Sidang demi sidang menyingkap kejanggalan lain. Salah satunya adalah kesaksian adanya komunikasi dari kuasa hukum mantan direksi PSR yang mendorong pihak ketiga untuk mengajukan permohonan PKPU.

"Ini bukan proses hukum yang alami, ini direkayasa," komentar salah seorang sumber internal PSR.

Intrik di Balik RUPS LB

Dugaan rekayasa ini menjadi semakin kuat setelah perubahan pengurus PSR. Pada awal 2025, pemegang saham PSR menggelar Rapat Umum Pemegang Saham Luar Biasa (RUPS LB) yang sah memberhentikan seluruh anggota direksi lama tanpa pemberian acquit et de charge. Artinya, para direksi lama masih bertanggung jawab secara hukum atas tindakan mereka selama menjabat.

Menurut Rita, pergantian pengurus ini sesuai dengan Anggaran Dasar Perseroan dan Undang-Undang PT No. 40 Tahun 2007. Namun, justru pasca RUPS LB, bermunculan klaim utang dari pihak-pihak eksternal yang disebut-sebut berafiliasi dengan direksi lama.

"Mereka mencoba menggunakan mekanisme PKPU sebagai jalan untuk mengacaukan internal perseroan," kata Rudi Rusmadi, pemegang saham PSR melalui PT Kemala Permanik dan PT Pelayaran Samudera Logistindo.

Permainan Kuasa Hukum?

Dalam sidang, Rudi menuding bahwa kuasa hukum PSR di masa direksi lama bertindak tanpa integritas. Ia mengungkap bahwa kuasa hukum tersebut aktif mengajak pihak luar untuk turut serta mengajukan PKPU terhadap PSR.

"Bagaimana bisa kuasa hukum perusahaan justru menjadi aktor utama dalam upaya mempailitkan perusahaan itu sendiri?" ujar Rudi.

Pakar hukum korporasi yang juga bertindak sebagai pengacara PSR, Nelson Kopoyos SH., M.H., menyebut bahwa bila tudingan ini benar, praktik tersebut berpotensi melanggar prinsip fiduciary duty — kewajiban hukum seorang pengurus untuk bertindak demi kepentingan terbaik perusahaan, bukan menghancurkannya.

"Jika benar terjadi, ini bukan sekadar pelanggaran etika, tapi bisa mengarah pada tindak pidana korporasi," tukas Nelson Kopoyos SH., M.H.

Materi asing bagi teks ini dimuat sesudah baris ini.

Lemma abs_D2_far t i : 1 <= t <= w - 2 -> i = - w - 2 - t ->
  Z.abs (D2 m i) <= 8 * (U t + U (t + 1) + U (t + 2)).
Proof.
  intros Ht Hi.
  pose proof (abs_D2_progression_mirror m M _ _ _ w U (defect_second_progression n m M)
    t i (2 * t - 1) Ht ltac:(lia) ltac:(lia)).
  pose proof (abs_D2_odd t (2 * t - 1) ltac:(lia) eq_refl).
  pose proof (abs_D2_even t (2 * t - 1 + 1) ltac:(lia) ltac:(lia)).
  pose proof (abs_D2_odd (t + 1) (2 * t - 1 + 2) ltac:(lia) ltac:(lia)).
  replace (t + 1 + 1) with (t + 2) in * by ring.
  pose proof (defect_nonneg n m M t); pose proof (defect_nonneg n m M (t + 1));
    pose proof (defect_nonneg n m M (t + 2)).
  lia.
Qed.

Lemma zsum_abs_D2_nonneg_block : 1 <= w ->
  zsum 1 (2 * w - 2) (fun i => Z.abs (D2 m i)) <= 8 * zsum 1 w U.
Proof.
  intro Hw.
  rewrite (zsum_pair 1 (w - 1)) by ring.
  eapply Z.le_trans.
  - apply (zsum_le _ _ _ (fun t => 4 * (U t + U (t + 1)))); intros t Ht.
    pose proof (abs_D2_odd t (2 * t - 1) Ht eq_refl).
    pose proof (abs_D2_even t (2 * t) Ht eq_refl).
    lia.
  - rewrite zsum_mul_l.
    pose proof (zsum_window2 w U (defect_nonneg n m M) Hw).
    lia.
Qed.

Lemma zsum_abs_D2_near_block : 2 <= w ->
  zsum (- w) (-3) (fun i => Z.abs (D2 m i)) <= 24 * zsum 1 w U.
Proof.
  intro Hw.
  apply (zsum_reflected_window3_le w 8 (-2)); try lia; [exact (defect_nonneg n m M)|].
  intros t Ht; exact (abs_D2_near t (-2 - t) Ht eq_refl).
Qed.

Lemma zsum_abs_D2_far_block : 2 <= w ->
  zsum (-2 * w) (- w - 3) (fun i => Z.abs (D2 m i)) <= 24 * zsum 1 w U.
Proof.
  intro Hw.
  apply (zsum_reflected_window3_le w 8 (- w - 2)); try lia; [exact (defect_nonneg n m M)|].
  intros t Ht; exact (abs_D2_far t (- w - 2 - t) Ht eq_refl).
Qed.

End SecondDifferences.

Lemma wd_nonneg n : 0 <= n -> 0 <= wd n.
Proof. intro; unfold wd; Z.div_mod_to_equations; lia. Qed.

Lemma height_profile_min_bounds n A m M i :
  is_height_profile n A m M -> domm n i = true -> 0 <= m i <= n.
Proof.
  intros (_ & _ & _ & _ & Hmin & _) Hi.
  destruct (Hmin i Hi) as ((p & _ & (HR & _) & <-) & _).
  destruct p as [x y]; unfold inR in HR; unfold hR, c07; cbn [fst snd].
  Z.div_mod_to_equations; lia.
Qed.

Etika Bisnis di Persimpangan

Rita Hendrawaty mengingatkan bahwa dalam dunia usaha, instrumen hukum seperti PKPU mestinya digunakan untuk menyelesaikan persoalan keuangan secara adil, bukan sebagai alat balas dendam atau sabotase korporasi.

"Kalau ini dibiarkan, kepercayaan investor terhadap kepastian hukum di Indonesia akan terus menurun," katanya.

Ia berharap majelis hakim dapat melihat perkara ini dengan jernih, membedakan mana sengketa hutang yang sah, mana yang merupakan upaya rekayasa untuk menjatuhkan PSR.

Perkara ini belum berakhir. Sidang PKPU antara PT Orela dan PSR masih berlangsung, dengan putusan yang akan menentukan bukan hanya nasib PSR, tetapi juga menjadi cermin bagaimana hukum bisnis ditegakkan — atau dipermainkan — di Indonesia.

Bila hukum bisnis digunakan sebagai senjata balas dendam, maka kepastian hukum hanyalah ilusi di balik tumpukan berkas perkara.